Hello,
Just an offchance guess:
Is your /tmp on node n0 not a real local disk? I.e. is it on an
NFS mountpoint, or something out-of-the-ordinary?
LAM keeps various internal files, some special, in /tmp on each node.
What it keeps there has changed from version to version, and there
was a change that made NFS /tmp directories have problems.
--
Tim Mattox - tmattox_at_[hidden] - http://homepage.mac.com/tmattox/
http://aggregate.org/KAOS/ - http://advogato.org/person/tmattox/
On Tue, 27 Jan 2004, Sam Watson wrote:
> Hello. I'm trying to bring up LAM 7.0.3 on a x86 machine without
> much success. When I run either mpirun or lamexec I get a "Bad file descriptor"
> message. I'm also seeing this problem with 6.5.9, but not 6.5.1.
> I've tried to reduce it to the simplest possible example: here it
> is with 6.5.9, running on a single node:
>
> >/proj/lam/6.5.9/bin/lamnodes
> n0 sleet.exa.com:1
> >/proj/lam/6.5.9/bin/lamexec n0 ps
> lamexec (set_stdio): Bad file descriptor
>
> I've run this under strace, and the file descriptor is a socket.
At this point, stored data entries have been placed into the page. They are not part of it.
Lemma minimal_idempotent_exists : (exists x, delta x) -> exists p, minimal_idempotent p.
Proof.
  intros Hne.
  set (Good := fun L => uf_closed X L /\ (exists x, L x) /\ (forall x, L x -> delta x) /\
                        forall x y, delta x -> L y -> L (mul x y)).
  destruct (minimal_subset_exists _ Good delta) as [L [(HC & [l Ll] & Hd & Hid) [_ Hmin]]].
  - split; [exact closed_delta|split; [exact Hne|split; [auto|exact mul_delta]]].
  - intros Ch HCh Htot.
    destruct (closed_chain_meet X delta Ch) as [HCm Hnem]; auto using closed_delta.
    + intros x Hx. apply delta_ultrafilter; auto.
    + intros M HM. destruct (HCh M HM) as (? & ? & ? & _). auto.
    + split; [exact HCm|split; [exact Hnem|split; [intros x []; assumption|]]].
      intros x y Hx [Hy0 Hy]. split; [apply mul_delta; auto|].
      intros M HM. destruct (HCh M HM) as (_ & _ & _ & HidM). apply HidM; [exact Hx|apply Hy, HM].
  - destruct (ellis_idempotent L HC Hd (ex_intro _ l Ll)) as [p [Lp Ep]].
    { intros x y Lx Ly. apply Hid; auto. }
    exists p. split; [auto|split; [exact Ep|]].
    intros q Hq Eq Epq Eqp.
    assert (Lq : L q) by (rewrite <- Eqp; auto).
    assert (Hfac : exists x, delta x /\ p = mul x q).
    { apply (Hmin (fun z => exists x, delta x /\ z = mul x q));
        [|intros z [x [Hx ->]]; auto|exact Lp].
      split; [apply closed_image_mulr; auto using closed_delta|].
      split; [exists (mul q q), q; auto|split].
      - intros z [x [Hx ->]]. apply mul_delta; auto.
      - intros x z Hx [y [Hy ->]]. exists (mul x y). split; [apply mul_delta; auto|].
        symmetry. apply mul_assoc; auto. }
    destruct Hfac as [x [Hx Ex]].
    rewrite <- Epq, Ex at 1. rewrite mul_assoc, Eq; auto.
Qed.

End DeltaSemigroup.

Section Image.
Variables (X Y : Type) (opX : X -> X -> option X) (opY : Y -> Y -> option Y) (h : X -> Y).
Hypothesis h_mul : forall x y u, opX x y = Some u -> opY (h x) (h y) = Some (h u).

Definition uf_image (p : (X -> Prop) -> Prop) : (Y -> Prop) -> Prop :=
  fun B => p (fun x => B (h x)).

Lemma image_ultrafilter p : ultrafilter X p -> ultrafilter Y (uf_image p).
Proof.
  intros (H1 & H2 & H3 & H4 & H5). unfold uf_image. repeat split; auto.
  intros A B HA HAB. apply (H3 _ _ HA). auto.
Qed.

Lemma image_mul p q : deltaS X opX p -> deltaS X opX q ->
  uf_image (uf_mul X opX p q) = uf_mul Y opY (uf_image p) (uf_image q).
Proof.
  intros Hp Hq. apply functional_extensionality; intros A.
  apply propositional_extensionality. unfold uf_image, uf_mul.
  apply (ultrafilter_iff (delta_ultrafilter X opX p Hp)). intros x.
  apply (delta_iff_on_phi X opX q x); auto. intros t Ht.
  destruct (opX x t) as [u|] eqn:E; [|destruct (Ht E)].
  unfold sinv. rewrite E, (h_mul _ _ _ E). split; intros [u' [Eu Au]]; injection Eu as <-; eauto.
Qed.

End Image.

Section KleeneAC.
Variable X : Type.
Variable op : X -> X -> option X.
Hypothesis assoc : ps_assoc X op.
Hypothesis comm : ps_comm X op.

Local Notation oprod := (oprod X op).

Lemma oprod_comm a b : oprod a b = oprod b a.
Proof. destruct a, b; simpl; auto. Qed.

Lemma oprod_defined_l a b : oprod a b <> None -> a <> None.
Proof. destruct a; simpl; congruence. Qed.

Inductive oexpr := OVar (n : nat) | OMul (a b : oexpr).

Fixpoint oeval (env : list (option X)) (e : oexpr) : option X :=
  match e with OVar n => nth n env None | OMul a b => oprod (oeval env a) (oeval env b) end.

Fixpoint oleaves (e : oexpr) : list nat :=
  match e with OVar n => [n] | OMul a b => oleaves a ++ oleaves b end.

Fixpoint oprod_list (env : list (option X)) (l : list nat) : option X :=
  match l with
  | [] => None
  | [n] => nth n env None
  | n :: l' => oprod (nth n env None) (oprod_list env l')
  end.

Lemma oprod_list_app env l1 l2 : l1 <> [] -> l2 <> [] ->
  oprod_list env (l1 ++ l2) = oprod (oprod_list env l1) (oprod_list env l2).
Proof.
  intros H1 H2. induction l1 as [|n [|m l1] IH]; [congruence| |].
  - destruct l2; [congruence|reflexivity].
  - change (oprod (nth n env None) (oprod_list env ((m :: l1) ++ l2)) =
            oprod (oprod (nth n env None) (oprod_list env (m :: l1))) (oprod_list env l2)).
    rewrite IH by congruence. rewrite oprod_assoc by exact assoc. reflexivity.
Qed.

Lemma oleaves_nonempty e : oleaves e <> [].
Proof. induction e; simpl; [congruence|]. destruct (oleaves e1); simpl; congruence. Qed.

Lemma oeval_leaves env e : oeval env e = oprod_list env (oleaves e).
Proof. induction e; simpl; auto. rewrite oprod_list_app by apply oleaves_nonempty. congruence. Qed.

Lemma oprod_list_perm env l1 l2 : Permutation l1 l2 -> oprod_list env l1 = oprod_list env l2.
Proof.
  induction 1 as [|x l l' Hl IH|x y l|]; auto; simpl.
  - destruct l, l'; auto;
      [apply Permutation_nil_cons in Hl|apply Permutation_sym, Permutation_nil_cons in Hl|];
      [contradiction|contradiction|congruence].
  - destruct l; [apply oprod_comm|].
    rewrite <- !(oprod_assoc X op assoc), (oprod_comm (nth y env None)). reflexivity.
  - congruence.
Qed.

Lemma oeval_ac env e1 e2 :
  NatSort.sort (oleaves e1) = NatSort.sort (oleaves e2) -> oeval env e1 = oeval env e2.
Proof.
  intros H. rewrite !oeval_leaves,
    (oprod_list_perm env _ _ (NatSort.Permuted_sort (oleaves e1))),
    (oprod_list_perm env _ _ (NatSort.Permuted_sort (oleaves e2))). congruence.
Qed.

End KleeneAC.

Ltac oexpr_index t env := lazymatch env with
  | t :: _ => constr:(O)
  | _ :: ?r => let n := oexpr_index t r in constr:(S n) end.

Ltac oexpr_add t env := lazymatch env with
  | [] => constr:([t])
  | t :: _ => env
  | ?h :: ?r => let r' := oexpr_add t r in constr:(h :: r') end.

Ltac oexpr_atoms op t env := lazymatch t with
  | oprod _ _ ?a ?b => let e := oexpr_atoms op a env in oexpr_atoms op b e
  | op ?x ?y => let e := oexpr_add (Some x) env in oexpr_add (Some y) e
  | _ => oexpr_add t env end.

Ltac oexpr_reify op t env := lazymatch t with
  | oprod _ _ ?a ?b =>
      let ra := oexpr_reify op a env in let rb := oexpr_reify op b env in constr:(OMul ra rb)
  | op ?x ?y =>
      let n := oexpr_index (Some x) env in let m := oexpr_index (Some y) env in
      constr:(OMul (OVar n) (OVar m))
  | _ => let n := oexpr_index t env in constr:(OVar n) end.

(* Closes an equation between products in a commutative partial semigroup by reifying both
   sides and sorting their factors; a raw [op x y] is read as the product of [Some x], [Some y]. *)
Ltac kleene_ac assoc comm :=
  lazymatch type of assoc with ps_assoc ?X ?op =>
  lazymatch goal with |- @eq (option _) ?l ?r =>
    let env := oexpr_atoms op l (@nil (option X)) in
    let env := oexpr_atoms op r env in
    let rl := oexpr_reify op l env in let rr := oexpr_reify op r env in
    change (oeval X op env rl = oeval X op env rr);
    apply (oeval_ac X op assoc comm); vm_compute; reflexivity
  end end.

Section Tuples.
Variable X : Type.
Variable op : X -> X -> option X.
Hypothesis assoc : ps_assoc X op.
Variable l : nat.

(* [l]-tuples are encoded as [nat -> X]; coordinates [i >= l] are inert and are copied from
   the left factor, which keeps the product associative on the nose. *)
Definition tuple_op (x y : nat -> X) : option (nat -> X) :=
  if excluded_middle_informative (forall i, i < l -> op (x i) (y i) <> None) then
    Some (fun i => if i <? l then match op (x i) (y i) with Some z => z | None => x i end else x i)
  else None.

Lemma tuple_op_spec x y z : tuple_op x y = Some z <->
  (forall i, i < l -> op (x i) (y i) = Some (z i)) /\ (forall i, l <= i -> z i = x i).
Proof.
  unfold tuple_op. destruct (excluded_middle_informative _) as [H|H]; split.
  - intros E. injection E as <-. split; intros i Hi; destruct (Nat.ltb_spec i l); try lia; auto.
    destruct (op (x i) (y i)) eqn:E; [reflexivity|destruct (H i Hi E)].
  - intros [H1 H2]. f_equal. apply functional_extensionality; intros i.
    destruct (Nat.ltb_spec i l); [rewrite H1|rewrite H2]; auto.
  - discriminate.
  - intros [H1 _]. exfalso. apply H. intros i Hi. rewrite H1; auto. discriminate.
Qed.

Lemma tuple_op_defined x y : tuple_op x y <> None <-> forall i, i < l -> op (x i) (y i) <> None.
Proof. unfold tuple_op. destruct (excluded_middle_informative _); split; congruence || tauto. Qed.

Lemma tuple_op_coord x y z i : tuple_op x y = Some z -> i < l -> op (x i) (y i) = Some (z i).
Proof. intros E Hi. apply tuple_op_spec in E. apply E, Hi. Qed.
I've
> done the same with 6.5.1, and the sequence of system calls is almost
> the same, but the call to sendmsg that works in 6.5.1 fails in 6.5.9
> and 7.0.3.
>
> This is obviously not happening to everyone, and I'm trying to
> figure out what it is about our environment that is causing it.
> I've attached the compressed config.log from the 7.0.3 build.
> Thanks for any help you can provide.
>
>
|